In order to more clearly illustrate the embodiments of the present invention or the technical solutions in the prior art, the drawings needed to be used in the description of the embodiments or the prior art will be briefly described below, it is obvious that the drawings in the following description are only some embodiments of the present invention, and for those skilled in the art, other drawings can be obtained according to the structures shown in the drawings without creative efforts.

Fig. 1 is a schematic structural diagram of an embodiment of an air conditioning system of the present invention;

fig. 2 is a schematic structural diagram of another embodiment of the air conditioning system of the present invention;

fig. 3 is a schematic structural diagram of another embodiment of the air conditioning system of the present invention;

fig. 4 is a schematic structural diagram of another embodiment of the air conditioning system of the present invention;

fig. 5 is a schematic structural diagram of another embodiment of the air conditioning system of the present invention.

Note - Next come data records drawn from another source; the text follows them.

(* For every integer $n\ge 0$, there is exactly one Dumont permutation of the first kind of length $2n$ avoiding the pattern $321$, i.e. $|\mathfrak D^1_{2n}(321)|=1$ (for $n=0$ the set consists of the empty permutation).
   Context: A Dumont permutation of the first kind of length $2n$ is a permutation $\pi\in\mathfrak S_{2n}$ such that for every $i=1,\dots,2n$: if $\pi(i)$ is even then $i<2n$ and $\pi(i)>\pi(i+1)$; if $\pi(i)$ is odd then $i=2n$ or $\pi(i)<\pi(i+1)$. $\mathfrak D^1_{2n}$ denotes the set of these. A permutation $\sigma$ contains a pattern $\tau\in\mathfrak S_k$ if some subsequence $(\sigma(i_1),\dots,\sigma(i_k))$, $i_1<\dots<i_k$, is order-isomorphic to $\tau$; otherwise $\sigma$ avoids $\tau$. $\mathfrak D^1_{2n}(T)$ denotes the set of permutations in $\mathfrak D^1_{2n}$ avoiding every pattern in $T$. *)

From mathcomp Require Import all_boot all_order all_fingroup.
Set Implicit Arguments. Unset Strict Implicit. Unset Printing Implicit Defensive.

(* Permutations of {1,...,m} are represented as s : {perm 'I_m}, with
   positions and values shifted by one (0-indexed): the value s i : 'I_m
   stands for the integer (s i) + 1 and position i for i + 1. *)

(* value of s at (0-indexed) position j, as a nat; 0 outside the range
   (never used outside the range below). *)
Definition pval (m : nat) (s : {perm 'I_m}) (j : nat) : nat :=
  if insub j is Some o then val (s o) else 0.

Definition dumont1 (m : nat) (s : {perm 'I_m}) : bool :=
  [forall i : 'I_m,
     if ~~ odd (val (s i)).+1
     then (i.+1 < m) && (pval s i.+1 < val (s i))
     else (i.+1 == m) || (val (s i) < pval s i.+1)]%N.

Definition contains (k m : nat) (sigma : {perm 'I_m}) (tau : {perm 'I_k}) : bool :=
  [exists f : {ffun 'I_k -> 'I_m},
    [forall a : 'I_k, forall b : 'I_k, (a < b)%N ==> (f a < f b)%N] &&
    [forall a : 'I_k, forall b : 'I_k,
       (sigma (f a) < sigma (f b))%N == (tau a < tau b)%N]].

Definition avoids (k m : nat) (sigma : {perm 'I_m}) (tau : {perm 'I_k}) : bool :=
  ~~ contains sigma tau.

(* the pattern 321, i.e. 1 -> 3, 2 -> 2, 3 -> 1; 0-indexed: i |-> 2 - i *)
Definition pat321 : {perm 'I_3} := perm (@rev_ord_inj 3).

Definition dumont1_avoid321 (n : nat) : {set {perm 'I_(n.*2)}} :=
  [set s : {perm 'I_(n.*2)} | dumont1 s && avoids s pat321].

From Pilot Require Import Defs.
From mathcomp Require Import all_boot all_order all_fingroup.
From mathcomp Require Import zify.
Set Implicit Arguments. Unset Strict Implicit. Unset Printing Implicit Defensive.

(* The only candidate is 2 1 4 3 ... 2n 2n-1, which swaps the values of each
   pair of positions {2k+1, 2k+2}.  Conversely, if a 321-avoiding Dumont
   permutation agrees with it on the first 2k positions, then the value
   2k+2 sits at some position r >= 2k+1; being even it is followed by a
   smaller value, which must be 2k+1.  If r > 2k+1, the value at position
   2k+1 exceeds 2k+2 and forms a 321 with positions r and r+1; hence r = 2k+1
   and the agreement extends to the first 2k+2 positions. *)

Definition pair_swap (j : nat) : nat := if odd j then j.-1 else j.+1.

Lemma pair_swapK : involutive pair_swap.
Proof. by case=> [|j] //; rewrite /pair_swap /=; case odd_j: (odd j); rewrite /= ?odd_j. Qed.

Lemma pair_swap_le j : pair_swap j <= j.+1.
Proof. by rewrite /pair_swap; case: (odd j); lia. Qed.

Lemma le_pair_swap j : j <= (pair_swap j).+1.
Proof. by rewrite /pair_swap; case: (odd j); lia. Qed.

Lemma even_ltn_double n i : ~~ odd i -> i < n.*2 -> i.+1 < n.*2.
Proof.
move=> even_i lt_i_2n; rewrite ltn_neqAle lt_i_2n andbT.
by apply: contraNneq even_i => eq_2n; move: (odd_double n); rewrite -eq_2n => /negbFE.
Qed.

Lemma pair_swap_ltn_double n i : i < n.*2 -> pair_swap i < n.*2.
Proof.
rewrite /pair_swap; case: (boolP (odd i)) => [_|even_i]; first lia.
exact: even_ltn_double.
Qed.

Lemma pvalE m (s : {perm 'I_m}) j (lt_j_m : j < m) :
  Defs.pval s j = s (Ordinal lt_j_m) :> nat.
Proof. by rewrite /Defs.pval (insubT (fun k => k < m) lt_j_m). Qed.

Lemma dumont1P m (s : {perm 'I_m}) :
  reflect (forall i : 'I_m,
             if odd (s i) then (exists h : i.+1 < m, s (Ordinal h) < s i)
             else forall h : i.+1 < m, s i < s (Ordinal h))
          (dumont1 s).
Proof.
apply: (iffP forallP) => D i; have {D} := D i; rewrite /= negbK.
- case: (odd (s i)) => [/andP [h]|/orP [/eqP eq_m h|lt_next h]].
  + by rewrite (pvalE s h); exists h.
  + by exfalso; rewrite eq_m ltnn in h.
  + by rewrite -(pvalE s h).
- case: (odd (s i)) => [[h lt_next]|lt_next].
  + by rewrite h (pvalE s h).
  + case: (ltnP i.+1 m) => [h|ge_m]; first by rewrite (pvalE s h) lt_next orbT.
    by rewrite eqn_leq ge_m ltn_ord.
Qed.

Lemma contains_pat321P m (s : {perm 'I_m}) :
  reflect (exists i j k : 'I_m, [/\ i < j, j < k, s j < s i & s k < s j])
          (contains s pat321).
Proof.
apply: (iffP existsP) => [[f /andP [/forallP inc /forallP ord]]|[i [j [k]]]].
- have lt_f (a b : 'I_3) : a < b -> f a < f b by exact: implyP (forallP (inc a) b).
  have ord_f (a b : 'I_3) : (s (f a) < s (f b)) = (pat321 a < pat321 b).
    exact: eqP (forallP (ord a) b).
  exists (f (@Ordinal 3 0 isT)), (f (@Ordinal 3 1 isT)), (f (@Ordinal 3 2 isT)).
  by split; rewrite ?lt_f ?ord_f ?permE.
- case=> lt_ij lt_jk lt_sji lt_skj.
  exists [ffun a : 'I_3 => nth i [:: i; j; k] a].
  by apply/andP; split; apply/forallP => -[[|[|[|a]]] ?] //; apply/forallP => -[[|[|[|b]]] ?];
    rewrite //= !ffunE /= ?permE /=; lia.
Qed.

Section PairSwapPermutation.

Variable n : nat.
Local Notation m := n.*2.

Definition pair_swap_ord (i : 'I_m) : 'I_m := Ordinal (pair_swap_ltn_double (ltn_ord i)).

Lemma pair_swap_ord_inj : injective pair_swap_ord.
Proof.
by move=> a b /(congr1 (pair_swap \o val)) /=; rewrite !pair_swapK => /val_inj.
Qed.

Definition pair_swap_perm : {perm 'I_m} := perm pair_swap_ord_inj.

Lemma pair_swap_permE (i : 'I_m) : pair_swap_perm i = pair_swap i :> nat.
Proof. by rewrite permE. Qed.

Lemma dumont1_pair_swap_perm : dumont1 pair_swap_perm.
Proof.
apply/dumont1P => i; rewrite pair_swap_permE /pair_swap.
case: (boolP (odd i)) => [odd_i|even_i].
- have even_pred : odd i.-1 = false by case: (i : nat) odd_i => //= j /negbTE.
  rewrite even_pred => h; rewrite pair_swap_permE /pair_swap /= odd_i /=; lia.
- have lt_next := even_ltn_double even_i (ltn_ord i).
  rewrite /= (negbTE even_i); exists lt_next.
  by rewrite pair_swap_permE /pair_swap /= (negbTE even_i).
Qed.

Lemma avoids321_pair_swap_perm : avoids pair_swap_perm pat321.
Proof.
apply/contains_pat321P => -[i [j [k []]]]; rewrite !pair_swap_permE.
by have := pair_swap_le i; have := le_pair_swap k; lia.
Qed.

Variable s : {perm 'I_m}.
Hypotheses (s_dumont1 : dumont1 s) (s_avoids : avoids s pat321).

Lemma prefix_pair_swap_low k :
    (forall j : 'I_m, j < k.*2 -> s j = pair_swap j :> nat) ->
  forall j : 'I_m, k.*2 <= j -> k.*2 <= s j.
Proof.
move=> prefix j le_j; rewrite leqNgt; apply/negP => lt_sj.
have lt_sw : pair_swap (s j) < k.*2 := pair_swap_ltn_double lt_sj.
have lt_sw_m : pair_swap (s j) < m by have := ltn_ord j; lia.
have := prefix (Ordinal lt_sw_m) lt_sw; rewrite /= pair_swapK.
by move/val_inj/perm_inj/(congr1 val) => /= eq_j; lia.
Qed.

Lemma prefix_pair_swap_step k :
    (forall j : 'I_m, j < k.*2 -> s j = pair_swap j :> nat) ->
  forall j : 'I_m, j < k.*2.+2 -> s j = pair_swap j :> nat.
Proof.
move=> prefix j lt_j; case: (ltnP j k.*2) => [|le_j]; first exact: prefix.
have low := prefix_pair_swap_low prefix.
have lt_2k : k.*2 < m by have := ltn_ord j; lia.
have lt_2k1 : k.*2.+1 < m by apply: even_ltn_double; rewrite ?odd_double.
pose r := (s^-1)%g (Ordinal lt_2k1).
have sr : s r = k.*2.+1 :> nat by rewrite permKV.
have le_r : k.*2 <= r.
  rewrite leqNgt; apply/negP => lt_r; have := prefix r lt_r.
  by rewrite sr; have := pair_swap_le r; lia.
have [lt_r1 lt_sr1] : exists h : r.+1 < m, s (Ordinal h) < s r.
  by have := dumont1P _ s_dumont1 r; rewrite sr /= odd_double.
have sr1 : s (Ordinal lt_r1) = k.*2 :> nat.
  by have := low (Ordinal lt_r1) (leqW le_r); rewrite sr in lt_sr1; lia.
have r_eq : r = k.*2 :> nat.
  apply/eqP; rewrite eqn_leq le_r leqNgt; apply/negP => lt_r.
  pose a : 'I_m := Ordinal lt_2k.
  have ne_sa (b : 'I_m) : a != b -> s a != s b by rewrite (inj_eq perm_inj).
  have ne_r : s a != s r by apply: ne_sa; rewrite -(inj_eq val_inj) /=; lia.
  have ne_r1 : s a != s (Ordinal lt_r1) by apply: ne_sa; rewrite -(inj_eq val_inj) /=; lia.
  move/contains_pat321P: s_avoids; apply; exists a, r, (Ordinal lt_r1).
  move: ne_r ne_r1 (low a (leqnn _)); rewrite -!(inj_eq val_inj) sr sr1 /=.
  by split => //; lia.
have [j_eq|j_eq] : j = k.*2 :> nat \/ j = k.*2.+1 :> nat by lia.
- have -> : j = r by apply: val_inj; rewrite /= j_eq r_eq.
  by rewrite sr r_eq /pair_swap odd_double.
- have -> : j = Ordinal lt_r1 by apply: val_inj; rewrite /= j_eq r_eq.
  by rewrite sr1 /= r_eq /pair_swap /= odd_double.
Qed.

Lemma dumont1_avoids321_eq : s = pair_swap_perm.
Proof.
suff prefix k : forall j : 'I_m, j < k.*2 -> s j = pair_swap j :> nat.
  by apply/permP => i; apply: val_inj; rewrite /= pair_swap_permE (prefix n).
by elim: k => [//|k]; exact: prefix_pair_swap_step.
Qed.

End PairSwapPermutation.

Theorem theorem2p3 (n : nat) : #|dumont1_avoid321 n| = 1%N.
Proof.
suff -> : dumont1_avoid321 n = [set pair_swap_perm n] by exact: cards1.
apply/setP => s; rewrite !inE; apply/andP/eqP => [[]|->].
- exact: dumont1_avoids321_eq.
- by split; [exact: dumont1_pair_swap_perm | exact: avoids321_pair_swap_perm].
Qed.
Lemma degP k v : deg C k v <-> forall p q, (p + q != k)%N -> pr p q v = 0.
Proof.
have pr_off p q : (p + q != k)%N -> \sum_(i < k.+1) pr p q (pr i (k - i) v) = 0.
  move=> npq; rewrite big1 // => i _; rewrite pr_pr.
  case: ifP => // /andP[/eqP ep /eqP eq].
  by have := ltn_ord i; move: npq; rewrite ep eq => /eqP; lia.
split=> [vk p q npq | v0]; first by rewrite vk linear_sum pr_off.
apply: eq_from_pr => p q; rewrite linear_sum.
have [pqk | npq] := eqVneq (p + q)%N k; last by rewrite v0 // pr_off.
have ltpk : (p < k.+1)%N by lia.
rewrite (bigD1 (Ordinal ltpk)) //= big1 ?addr0 => [|i /eqP nip].
  by rewrite pr_pr (_ : k - p = q)%N ?eqxx //; lia.
rewrite pr_pr; case: ifP => // /andP[/eqP ep _].
by case: nip; apply: val_inj.
Qed.

Lemma inC_deg a b x : inC C a b x -> deg C (a + b) x.
Proof.
move=> Cx; apply/degP => p q npq; rewrite (pr_inC _ _ Cx).
by case: ifP => // /andP[/eqP ep /eqP eq]; rewrite ep eq eqxx in npq.
Qed.

Lemma submod_deg k : submod (deg C k).
Proof.
split=> [|c x y /degP x0 /degP y0]; apply/degP => p q npq; first exact: linear0.
by rewrite linearP /= x0 ?y0 ?scaler0 ?addr0.
Qed.

Lemma deg_d k x : deg C k x -> deg C k.+1 (d x).
Proof.
move/degP=> x0; apply/degP => p q npq; rewrite pr_d.
by case: p npq => [|[|p]] npq /=; case: q npq => [|q] npq /=;
  rewrite ?x0 ?linear0 ?addr0 //; lia.
Qed.

Lemma projG_is_linear k j : linear (projG C k j).
Proof.
move=> a x y; rewrite /projG scaler_sumr -big_split.
by apply: eq_bigr => i _; rewrite linearP.
Qed.

HB.instance Definition _ k j :=
  GRing.isLinear.Build R V V *:%R (projG C k j) (projG_is_linear k j).

Lemma pr_projG p q k j v :
  pr p q (projG C k j v) = if (p + q == k)%N && (j <= q)%N then pr p q v else 0.
Proof.
pose F (_ : nat) := if (p == k - q)%N then pr p q v else 0.
rewrite linear_sum (eq_bigr (fun i : 'I_k.+1 => if i == q :> nat then F i else 0)).
  rewrite -big_mkcondr (big_ord1_cond_eq _ F (leq j)) {}/F.
  case: (j <= q)%N; rewrite ?andbF ?andbT //.
  have [pqk | npq] := eqVneq (p + q)%N k; first by rewrite ifT ?ifT //; lia.
  by case: ifP => // ltqk; rewrite ifF //; apply/negbTE; lia.
move=> i _; rewrite pr_pr [q == _]eq_sym {}/F.
have [-> | _] := eqVneq (i : nat) q; last by rewrite andbF.
by rewrite andbT; case: eqP => [->|].
Qed.

Lemma deg_projG k j v : deg C k (projG C k j v).
Proof. by apply/degP => p q npq; rewrite pr_projG (negbTE npq). Qed.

The reference numbers illustrate:

reference numerals	Name (R)	Reference numerals	Name (R)	Reference numerals	Name (R)
						100	Outdoor unit	320	Suction tube	700	Throttle device
110	Four-way valve	400	Refrigerant circulation loop	800	Oil separator
						200	Indoor unit	500	Bypass pipeline	900	Gas-liquid separator
300	Compressor with a compressor housing having a plurality of compressor blades	510	Bypass pipe
						310	Discharge pipe	600	Control valve

The objects, features and advantages of the present invention will be further described with reference to the accompanying drawings.

Detailed Description

It should be noted that, if directional indications (such as upper, lower, left, right, front and rear … …) are involved in the embodiment of the present invention, the directional indications are only used to explain the relative position relationship between the components, the motion situation, etc. in a specific posture (as shown in the drawings), and if the specific posture is changed, the directional indications are changed accordingly.

In addition, if there is a description relating to "first", "second", etc. in the embodiments of the present invention, the description of "first", "second", etc. is for descriptive purposes only and is not to be construed as indicating or implying relative importance or implicitly indicating the number of technical features indicated. Thus, a feature defined as "first" or "second" may explicitly or implicitly include at least one such feature. In addition, the meaning of "and/or" appearing throughout is to include three juxtapositions, exemplified by "A and/or B" including either scheme A, or scheme B, or a scheme in which both A and B are satisfied.

The utility model provides an air conditioning system.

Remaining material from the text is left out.